以管道方式处理数据可以用来解决 大量数据的一次性处理问题
生成器函数是一个实现管道机制的好方法。重点需要理解：yield 语句是数据的生产者，而 for 循环语句 则是数据的消费者。当生成器被连接在一起时，每个 yield 结果会作为一个单独的数据元素传递给迭代处理管道的下一阶段
这种实现方式的优点是：每个生成器函数都很小并且都是独立的，便于维护与扩展
yield from it 将操作代理到 it 迭代器上，并简单地返回生成器 it 所产生的值，

示例

import fnmatch
import gzip
import bz2
import re


def gen_find(filepat, top):
    for path, dirlist, filelist in os.walk(top):
        for name in fnmatch.filter(filelist, filepat):
            yield os.path.join(path, name)

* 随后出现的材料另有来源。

(* Let $(\mathcal A,\mathcal T,(-))$ be a meta-tangible $\mathcal T$-group module triple. Then the relation $\preceq_\circ$ on $\mathcal A$ defined by $b\preceq_\circ b'$ iff $b'=b+c^\circ$ for some $c\in\mathcal A$ is a $\mathcal T$-surpassing relation, and $(\mathcal A,\mathcal T,(-),\preceq_\circ)$ is a (meta-tangible) $\mathcal T$-system.
   Context: $(\mathcal A,+,\mathbb 0)$ commutative monoid, $\mathcal T\subseteq\mathcal A\setminus\{\mathbb 0\}$. A negation map is $(-):\mathcal A\to\mathcal A$ with $(-)(b_1+b_2)=(-)b_1+(-)b_2$, $(-)((-)b)=b$, $(-)\mathbb 0=\mathbb 0$, $(-)\mathcal T\subseteq\mathcal T$. Write $b(-)c:=b+((-)c)$, $b^\circ:=b(-)b$, $\mathcal A^\circ=\{b^\circ:b\in\mathcal A\}$. A $\mathcal T$-triple $(\mathcal A,\mathcal T,(-))$: such data with an action $\mathcal T\times\mathcal A\to\mathcal A$ satisfying $a(b_1+b_2)=ab_1+ab_2$, $a\mathbb 0=\mathbb 0$, $(-)(ab)=((-)a)b=a((-)b)$, with $\mathcal T\cap\mathcal A^\circ=\emptyset$ and every element of $\mathcal A$ a finite sum of elements of $\mathcal T$. It is a $\mathcal T$-group module triple if moreover $\mathcal T$ is a group with identity $\mathbb 1$ whose multiplication is the restriction of the action, $\mathbb 1b=b$ and $(a_1a_2)b=a_1(a_2b)$. Meta-tangible: $a+b\in\mathcal T$ for all $a,b\in\mathcal T$ with $b\neq(-)a$. A $\mathcal T$-surpassing relation $\preceq$ is a reflexive transitive relation on $\mathcal A$ with: (i) $b\preceq b+c^\circ$ for all $b,c$; (ii) $b_1\preceq b_2\Rightarrow(-)b_1\preceq(-)b_2$; (iii) $b_1\preceq b_2,\ b_1'\preceq b_2'\Rightarrow b_1+b_1'\preceq b_2+b_2'$; (iv) $a\in\mathcal T$, $b_1\preceq b_2\Rightarrow ab_1\preceq ab_2$; (v) $a\preceq b$ with $a,b\in\mathcal T$ implies $a=b$; (vi) $b^\circ\not\preceq a$ for all $b\in\mathcal A$, $a\in\mathcal T$. A $\mathcal T$-system is $(\mathcal A,\mathcal T,(-),\preceq)$ with $(\mathcal A,\mathcal T,(-))$ a $\mathcal T$-triple, $\preceq$ a $\mathcal T$-surpassing relation, and such that $\mathbb 0\preceq a+b$ with $a,b\in\mathcal T$ implies $b=(-)a$. *)

From Stdlib Require Import List.
Import ListNotations.

Section TDefs.
Context {A : Type} (add : A -> A -> A) (zero : A) (T : A -> Prop)
        (neg : A -> A) (act : A -> A -> A).

Definition circ (b : A) : A := add b (neg b).

Definition lsum (l : list A) : A := fold_right add zero l.

Definition is_comm_monoid : Prop :=
  (forall x y z, add x (add y z) = add (add x y) z) /\
  (forall x y, add x y = add y x) /\
  (forall x, add zero x = x).

Definition is_negation_map : Prop :=
  (forall b1 b2, neg (add b1 b2) = add (neg b1) (neg b2)) /\
  (forall b, neg (neg b) = b) /\
  neg zero = zero /\
  (forall a, T a -> T (neg a)).

(* (A, T, (-)) is a T-triple, with action T x A -> A given by act
   (only its values act a b with T a matter). *)
Definition is_T_triple : Prop :=
  is_comm_monoid /\
  ~ T zero /\
  is_negation_map /\
  (forall a b1 b2, T a -> act a (add b1 b2) = add (act a b1) (act a b2)) /\
  (forall a, T a -> act a zero = zero) /\
  (forall a b, T a -> neg (act a b) = act (neg a) b /\ act (neg a) b = act a (neg b)) /\
  (forall b, ~ T (circ b)) /\
  (forall b, exists l : list A, Forall T l /\ b = lsum l).

Definition is_T_group_module_triple : Prop :=
  is_T_triple /\
  exists one : A,
    T one /\
    (forall a1 a2, T a1 -> T a2 -> T (act a1 a2)) /\
    (forall a, T a -> act a one = a) /\
    (forall a, T a -> exists a', T a' /\ act a a' = one /\ act a' a = one) /\
    (forall b, act one b = b) /\
    (forall a1 a2 b, T a1 -> T a2 -> act (act a1 a2) b = act a1 (act a2 b)).

Definition meta_tangible : Prop :=
  forall a b, T a -> T b -> b <> neg a -> T (add a b).

Definition is_T_surpassing (R : A -> A -> Prop) : Prop :=
  (forall b, R b b) /\
  (forall b1 b2 b3, R b1 b2 -> R b2 b3 -> R b1 b3) /\
  (forall b c, R b (add b (circ c))) /\
  (forall b1 b2, R b1 b2 -> R (neg b1) (neg b2)) /\
  (forall b1 b2 b1' b2', R b1 b2 -> R b1' b2' -> R (add b1 b1') (add b2 b2')) /\
  (forall a b1 b2, T a -> R b1 b2 -> R (act a b1) (act a b2)) /\
  (forall a b, T a -> T b -> R a b -> a = b) /\
  (forall b a, T a -> ~ R (circ b) a).

Definition is_T_system (R : A -> A -> Prop) : Prop :=
  is_T_triple /\ is_T_surpassing R /\
  (forall a b, T a -> T b -> R zero (add a b) -> b = neg a).

Definition circ_rel (b b' : A) : Prop := exists c, b' = add b (circ c).

End TDefs.

(** Since [(b + c)° = b° + c°], the relation [⪯∘] is a preorder compatible
    with sums, negation and the tangible action: the quasi-zeros added on the
    right simply accumulate.  The two conditions involving tangible elements
    both reduce to meta-tangibility: if [b = a + c°] with [a <> b] tangible,
    then [b (-) a = (a + c)°] is a sum of two tangible elements which are not
    negatives of each other, hence tangible, contradicting [T ∩ A° = ∅]; and if
    [a + b = c°] with [b <> (-)a] then [a + b] is tangible, for the same
    contradiction. *)

From Stdlib Require Import Classical.

Section QuasiZeros.

Context {A : Type} (add : A -> A -> A) (neg : A -> A).
Hypothesis add_assoc : forall x y z, add x (add y z) = add (add x y) z.
Hypothesis add_comm : forall x y, add x y = add y x.
Hypothesis neg_add : forall b1 b2, neg (add b1 b2) = add (neg b1) (neg b2).
Hypothesis neg_involutive : forall b, neg (neg b) = b.

Local Notation circ := (circ add neg).
Local Notation circ_rel := (circ_rel add neg).

Lemma add_add_swap x y z w : add (add x y) (add z w) = add (add x z) (add y w).
Proof.
  rewrite <- !add_assoc. f_equal. rewrite !add_assoc. f_equal. apply add_comm.
Qed.

Lemma circ_add x y : circ (add x y) = add (circ x) (circ y).
Proof. unfold circ. rewrite neg_add. apply add_add_swap. Qed.

Lemma neg_circ c : neg (circ c) = circ c.
Proof. unfold circ. rewrite neg_add, neg_involutive. apply add_comm. Qed.

Lemma circ_rel_refl (zero : A) :
  (forall x, add zero x = x) -> neg zero = zero -> forall b, circ_rel b b.
Proof.
  intros add0x neg0 b. exists zero.
  unfold circ. rewrite neg0, add0x, add_comm, add0x. reflexivity.
Qed.

Lemma circ_rel_trans b1 b2 b3 : circ_rel b1 b2 -> circ_rel b2 b3 -> circ_rel b1 b3.
Proof.
  intros [c ->] [d ->]. exists (add c d). rewrite circ_add, add_assoc. reflexivity.
Qed.

Lemma circ_rel_add_circ b c : circ_rel b (add b (circ c)).
Proof. exists c. reflexivity. Qed.

Lemma circ_rel_neg b1 b2 : circ_rel b1 b2 -> circ_rel (neg b1) (neg b2).
Proof. intros [c ->]. exists c. rewrite neg_add, neg_circ. reflexivity. Qed.

Lemma circ_rel_add b1 b2 b1' b2' :
  circ_rel b1 b2 -> circ_rel b1' b2' -> circ_rel (add b1 b1') (add b2 b2').
Proof.
  intros [c ->] [d ->]. exists (add c d). rewrite circ_add. apply add_add_swap.
Qed.

Lemma circ_rel_act (act : A -> A -> A) (a : A) :
  (forall b1 b2, act a (add b1 b2) = add (act a b1) (act a b2)) ->
  (forall b, neg (act a b) = act a (neg b)) ->
  forall b1 b2, circ_rel b1 b2 -> circ_rel (act a b1) (act a b2).
Proof.
  intros actD act_neg b1 b2 [c ->]. exists (act a c).
  unfold circ. rewrite !actD, act_neg. reflexivity.
Qed.

Section Tangible.

Variable T : A -> Prop.
Hypothesis circ_not_tangible : forall b, ~ T (circ b).
Hypothesis neg_tangible : forall a, T a -> T (neg a).
Hypothesis meta : meta_tangible add T neg.

Lemma circ_not_circ_rel_tangible b a : T a -> ~ circ_rel (circ b) a.
Proof.
  intros Ta [c Ec]. apply (circ_not_tangible (add b c)).
  rewrite circ_add, <- Ec. exact Ta.
Qed.

Lemma circ_rel_tangible_eq a b : T a -> T b -> circ_rel a b -> a = b.
Proof.
  intros Ta Tb [c Ec].
  destruct (classic (a = b)) as [|a_neq_b]; [assumption | exfalso].
  assert (neg_neq : neg a <> neg b).
  { intros E. apply a_neq_b. rewrite <- (neg_involutive a), E. apply neg_involutive. }
  assert (b_sub_a : add b (neg a) = circ (add a c)).
  { rewrite Ec, circ_add, <- add_assoc, (add_comm (circ c)), add_assoc. reflexivity. }
  apply (circ_not_tangible (add a c)). rewrite <- b_sub_a.
  apply meta; [exact Tb | exact (neg_tangible a Ta) | exact neg_neq].
Qed.

Lemma circ_rel_zero_sum (zero : A) :
  (forall x, add zero x = x) ->
  forall a b, T a -> T b -> circ_rel zero (add a b) -> b = neg a.
Proof.
  intros add0x a b Ta Tb [c Ec]. rewrite add0x in Ec.
  destruct (classic (b = neg a)) as [|b_neq]; [assumption | exfalso].
  apply (circ_not_tangible c). rewrite <- Ec. apply meta; assumption.
Qed.

End Tangible.

End QuasiZeros.

Theorem theorem7p35 (A : Type) (add : A -> A -> A) (zero : A) (T : A -> Prop)
    (neg : A -> A) (act : A -> A -> A) :
  is_T_group_module_triple add zero T neg act ->
  meta_tangible add T neg ->
  is_T_surpassing add T neg act (circ_rel add neg) /\
  is_T_system add zero T neg act (circ_rel add neg) /\
  meta_tangible add T neg.
Proof.
  intros [triple _] meta.
  pose proof triple as
    [[assoc [comm add0x]] [_ [[nadd [nn [neg0 negT]]] [actD [_ [act_neg [circ_nT _]]]]]]].
  assert (surpassing : is_T_surpassing add T neg act (circ_rel add neg)).
  { repeat split.
    - eapply circ_rel_refl; eassumption.
    - eapply circ_rel_trans; eassumption.
    - apply circ_rel_add_circ.
    - eapply circ_rel_neg; eassumption.
    - eapply circ_rel_add; eassumption.
    - intros a b1 b2 Ta. apply circ_rel_act.
      + intros c1 c2. exact (actD a c1 c2 Ta).
      + intros c. destruct (act_neg a c Ta) as [-> ->]. reflexivity.
    - eapply circ_rel_tangible_eq; eassumption.
    - eapply circ_not_circ_rel_tangible; eassumption. }
  split; [exact surpassing |].
  split; [| exact meta].
  split; [exact triple |]. split; [exact surpassing |].
  eapply circ_rel_zero_sum; eassumption.
Qed.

def gen_opener(filenames):
    for filename in filenames:
        if filename.endswith('.gz'):
            f = gzip.open(filename, 'rt')
        elif filename.endswith('.bz2'):
            f = bz2.open(filename, 'rt')
        else:
            f = open(filename, 'rt')
        yield f
        f.close()


def gen_concatenate(iterators):
    for it in iterators:
        yield from it


def gen_grep(pattern, lines):
    pat = re.compile(pattern)
    for line in lines:
        if pat.search(line):
            yield line


lognames = gen_find('access-log*', 'www')
files = gen_opener(lognames)
lines = gen_concatenate(files)
pylines = gen_grep('(?i)python', lines)
for line in pylines:
    print(line)

展开嵌套的序列

问题

想将一个多层嵌套的序列展开成一个单层列表。

解决方案

语句 yield from 在你想在生成器中调用其他生成器作为子例程时非常有用
如果不使用 yield from，你就得多写一个 for 循环
yield from 在涉及到基于协程和生成器的并发编程中也扮演重要角色

示例

#!/usr/bin/env python3

from collections.abc import Iterable


def flatten(items, ignore_types=(str, bytes)):
    for x in items:
        if isinstance(x, Iterable) and not isinstance(x, ignore_types):
            yield from flatten(x, ignore_types)
        else:
            yield x


items = [1, 2, [3, 4, 5, [6]], [7, 8]]
print(list(flatten(items)))

顺序迭代合并后的排序迭代对象

问题

你有一系列排序序列，想要将它们合并后得到一个排序序列并在上面迭代遍历。

解决方案

使用 heapq.merge() 可以对多个已排序序列进行合并，而且它返回一个生成器对象，这就意味着它并不会马上将所有序列都读取到内存中，因此在非常长的序列中使用该函数，也不会有太大开销
heapq.merge() 所输入的序列必须是排过序的。它仅仅检查所有序列的开始部分并返回最小的那个，该过程会持续直到所有输入序列中的元素被遍历完成

示例

>>> import heapq
>>> a = [1, 2, 5, 6]
>>> b = [3, 4, 7, 8]
>>> heapq.merge(a, b)
<generator object merge at 0x7f9cf132c270>
>>> list(_)
[1, 2, 3, 4, 5, 6, 7, 8]

迭代器替代 while 无限循环

问题

如果你在代码中使用 while 循环来处理数据，然后当满足某个条件时在推出循环。这种编码模式能否有迭代器来实现呢？

解决方案

iter() 函数一个鲜为人知的特性是它接受一个可选的 callable 对象和一个标记结尾的值作为输入参数，它会创建一个迭代器，该迭代器不断调用 callable() 对象，直到返回值和标记值相等，此时表示迭代结束
这种方法对于一些特定的、会被重复调用的函数很有效果

示例

>>> CHUNKSIZE = 8192
>>> def reader(s):
...     while True:
...             data = s.recv(CHUNKSIZE)
...             if data == b'':
...                     break
...             pass
...

1
2
3

>>> def reader2(s):
...     for data in iter(lambda: s.recv(CHUNKSIZE), b''):
...             pass